# Bachelor Party Raft Trip in Colorado?!?



## COUNT (Jul 5, 2005)

Loma-Westy seems to fit the bill pretty well. For just a float trip, I've done Cisco-Moab (you can take out halfway, too, for a shorter trip) at highwater in 4 easy days. It was about 20G and there were a good number of III wavetrains, as I recall (but it's been over 10 years, so...). Dolores has some good stuff if it's running, but that's a sore subject.

Do you want a more or less "wilderness" run or would you consider something like the Ark with good whitewater and good camping but not necessarily remote?

There are sooo many more possibilities but some more info (esp. regarding time of year) would help narrow it down.

COUNT


----------



## calendar16 (Mar 8, 2007)

*More Details on Bachelor Party...*

We are shooting for early June. Probably the weekend of the 6th.

Scenic/wilderness ideally, away from civilization.

Ideally two nights on river in two different campsites. So raft during the day for a few hours between campsites and takeout.

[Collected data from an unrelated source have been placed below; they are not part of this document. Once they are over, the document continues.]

Definition pmod_iso (M : P -> vectType F)
  (f : forall p q, le p q -> 'Hom(M p, M q))
  (N : P -> vectType F) (g : forall p q, le p q -> 'Hom(N p, N q)) : Prop :=
  exists (phi : forall p, 'Hom(M p, N p)) (psi : forall p, 'Hom(N p, M p)),
    [/\ forall p q (h : le p q) (v : M p), phi q (f p q h v) = g p q h (phi p v),
        forall p (v : M p), psi p (phi p v) = v &
        forall p (w : N p), phi p (psi p w) = w].

Definition is_interval (I : pred P) : Prop :=
  [/\ exists p, I p,
      forall p q r, le p q -> le q r -> I p -> I r -> I q &
      forall p q, I p -> I q ->
        exists s : seq P, [/\ all I s, path (fun a b => le a b || le b a) p s
                              & last p s = q]].

(* The interval module k_I: k (= 'rV_1) on I, 0 (= 'rV_0) elsewhere;
   identity between points of I, zero maps otherwise. *)
Definition kI_obj (I : pred P) (p : P) : vectType F := 'rV[F]_(I p : nat).

Definition kI_map (I : pred P) (p q : P) (_ : le p q) :
  'Hom(kI_obj I p, kI_obj I q) :=
  linfun (fun v : 'rV[F]_(I p : nat) =>
            (\row_(j < (I q : nat)) \sum_(i < (I p : nat)) v 0 i) : 'rV[F]_(I q : nat)).

End PMod.

(* The two subposets of S x T. dir = true : (x,y)^{rightleftarrows}
   = {x} x (<= y)  U  (<= x) x {y};  dir = false : (x,y)^{leftrightarrows}
   = {x} x (>= y)  U  (>= x) x {y}. *)
Definition Qset (dS dT : Order.disp_t) (S : orderType dS) (T : orderType dT)
  (dir : bool) (x : S) (y : T) : pred (S * T) :=
  fun st => if dir then ((st.1 == x) && (st.2 <= y)%O) || ((st.1 <= x)%O && (st.2 == y))
            else ((st.1 == x) && (y <= st.2)%O) || ((x <= st.1)%O && (st.2 == y)).

Definition Qty (dS dT : Order.disp_t) (S : orderType dS) (T : orderType dT)
  (dir : bool) (x : S) (y : T) : Type := {st : S * T | Qset dir x y st}.

Definition Qle (dS dT : Order.disp_t) (S : orderType dS) (T : orderType dT)
  (dir : bool) (x : S) (y : T) : rel (Qty dir x y) :=
  fun a b => ((sval a).1 <= (sval b).1)%O && ((sval a).2 <= (sval b).2)%O.
Arguments Qle {dS dT S T} dir x y.
Arguments kI_obj F {P} I p.
Arguments kI_map F {P le} I p q _.

From HB Require Import structures.
From mathcomp Require Import all_boot all_order all_algebra.
From mathcomp Require Import boolp zify.
From mathcomp Require classical_sets.
Set Implicit Arguments. Unset Strict Implicit. Unset Printing Implicit Defensive.
Import Order.TTheory GRing.Theory.
Local Open Scope ring_scope.

(* Q consists of two chains, the arms, meeting at the corner (x, y), which is
   the maximum (resp. minimum) of Q.  We split off an interval summand, in the
   spirit of functorial filtrations.  Choose p with M p != 0, namely the corner
   unless M vanishes there.  The images f_tp(M t) and the kernels of the maps
   f_ps form at most two chains of subspaces of M p, so there are w != 0 and a
   complement Y of <[w]> in M p containing each of them that avoids w
   (good_vector).  A Mittag-Leffler argument along chains (compatible_section:
   Zorn's lemma on compatible families of affine subspaces, using finite
   dimension) gives coherent preimages of w below p and coherent functionals
   above p which are 1 on w and 0 on Y, first along each arm and then glued
   (glue_families).  The lines through these vectors form a submodule with an
   explicit complement (section Splitting); indecomposability kills the
   complement, so M is isomorphic to k_I for I the support of the submodule,
   which is an interval. *)

Lemma ex_minn_Prop (P : nat -> Prop) :
  (exists n, P n) -> exists n, P n /\ forall m, P m -> (n <= m)%N.
Proof.
move=> [n Pn]; have exP : exists n, `[< P n >] by exists n; apply/asboolP.
case: (ex_minnP exP) => m /asboolP Pm minm; exists m; split=> // k Pk.
by apply: minm; apply/asboolP.
Qed.

(* We consider families of affine subspaces  a j + W j  of the fibres of c that
   are stable under the transition maps, take a minimal one by Zorn's lemma
   (finite dimension gives chains a lower bound), and show that minimality
   forces every W j to be 0. *)
Section MittagLeffler.
Variables (F : fieldType) (J : Type) (r : rel J).
Hypothesis r_trans : forall i j k, r i j -> r j k -> r i k.
Hypothesis r_total : total r.
Variables (E : J -> vectType F) (Z : vectType F) (h : forall j, 'Hom(E j, Z)).
Variable g : forall i j, 'Hom(E i, E j).
Hypothesis g_comp : forall i j k, r i j -> r j k -> forall v, g i k v = g j k (g i j v).
Hypothesis h_g : forall i j, r i j -> forall v, h j (g i j v) = h i v.
Variable c : Z.
Hypothesis fibre_nonempty : forall j, exists v, h j v = c.

Lemma r_refl j : r j j. Proof. by have := r_total j j; rewrite orbb. Qed.

(* A family of affine subspaces  apt j + adir j  of the spaces E j. *)
Record affam := AffFam { apt : forall j, E j; adir : forall j, {vspace E j} }.

Definition admissible (B : affam) : Prop :=
  [/\ forall j, h j (apt B j) = c,
      forall j, (adir B j <= lker (h j))%VS,
      forall i j, r i j -> g i j (apt B i) - apt B j \in adir B j &
      forall i j, r i j -> (g i j @: adir B i <= adir B j)%VS].

Definition refines_at (B' B : affam) j :=
  (apt B' j - apt B j \in adir B j) && (adir B' j <= adir B j)%VS.
Definition refines (B' B : affam) : Prop := forall j, refines_at B' B j.

Lemma refines_at_refl B j : refines_at B B j.
Proof. by rewrite /refines_at subrr mem0v subvv. Qed.

Lemma refines_at_trans B1 B2 B3 j :
  refines_at B1 B2 j -> refines_at B2 B3 j -> refines_at B1 B3 j.
Proof.
move=> /andP[a12 W12] /andP[a23 W23]; apply/andP; split; last exact: subv_trans W23.
have -> : apt B1 j - apt B3 j = (apt B1 j - apt B2 j) + (apt B2 j - apt B3 j).
  by rewrite addrA subrK.
by rewrite memvD // (subvP W23).
Qed.

Lemma fibres_admissible : exists B, admissible B.
Proof.
pose a j := sval (cid (fibre_nonempty j)).
have ha j : h j (a j) = c by rewrite /a; case: (cid _).
exists (AffFam a (fun j => lker (h j))); split=> //=.
- by move=> i j rij; rewrite memv_ker raddfB /= h_g // !ha subrr.
- move=> i j rij; apply/subvP => _ /memv_imgP[v + ->].
  by rewrite !memv_ker h_g.
Qed.

Lemma refines_at_min_dim (B1 B2 : affam) j :
  refines B1 B2 \/ refines B2 B1 -> (\dim (adir B1 j) <= \dim (adir B2 j))%N ->
  refines_at B1 B2 j.
Proof.
case=> [/(_ j) //|/(_ j) /andP[a21 W21] dim12].
have eqW : adir B2 j = adir B1 j by apply/eqP; rewrite eqEdim W21.
by rewrite /refines_at eqW -opprB rpredN a21 subvv.
Qed.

Thanks Count and anyone else that can provide some input!

-Cal


----------



## calendar16 (Mar 8, 2007)

COUNT said:


> Dolores has some good stuff if it's running, but that's a sore subject.
> 
> COUNT


 
Do you want to talk about it? Poison ivy, bears, rattle snakes, ran out of beer?

That was one that caught my eye in my guide book but if it were to potentially become a sore subject for us, I might also want to count it out and not talk about it. 

-Cal


----------



## caverdan (Aug 27, 2004)

Pumphouse is first come.....first serve on the camp spots. Ruby/Horsethief is perfect for drunken bachlor floats. You must sign up for a (free) campsite at Loma, but there is a great place up the road a couple of miles called Rimrock..... in Fruita. They can set you up with everything from running shuttle to any and all the gear your party needs to rent. They have a nice private beach to put in on and only adds a couple of miles to the float. Even if we run our own shuttle.......I still leave all the cars there and give them a buck or two to watch them. (Loma is known for it's break in's to shuttle vehicles)


----------



## farp (Nov 4, 2003)

The Upper C can be down-right cold in early June, but there aren't many boaters at that time of year. 

Drunken maddness is usually the rule on the stretch of river.


----------



## deepsouthpaddler (Apr 14, 2004)

gunnison gorge could be an option. Wilderness with no roads / railroads. Nice canyon. Overnighter (1 night), mainly class III. Some neat side hikes. Not that busy. Cons are the shuttle (long dirt road) and the mile hike to the put in that folks would generally get mule support for a raft trip. 

I did an overnighter raft support trip on the gunny and really enjoyed it.


----------



## COUNT (Jul 5, 2005)

Just referring to the opined mismanagement of water allocation in the Dolores drainage. And some rangers and cops that had their panties in a bunch at the launch in the recent past. Sorry, I didn't mean for that to be mistaken.

COUNT


----------



## upshitscreek (Oct 21, 2007)

deepsouthpaddler said:


> gunnison gorge could be an option. Wilderness with no roads / railroads. Nice canyon. Overnighter (1 night), mainly class III. Some neat side hikes. *Not that busy.*
> .


fwiw... early-mid June can be huge busy for gunny with guided/ non guided fishing trips as the world famous salmonfly hatch is going off at that time. It's a real cluster fuck then and can be hard to get a site for overnighters. They go super quick. If you do it then consider yourself warned! 8) 

You can extend the Pumphouse run down to Catamount Bridge. Total -around 28 miles(could be off a few,I forget) There are a few good sites down below the bridge scattered for a few miles.


----------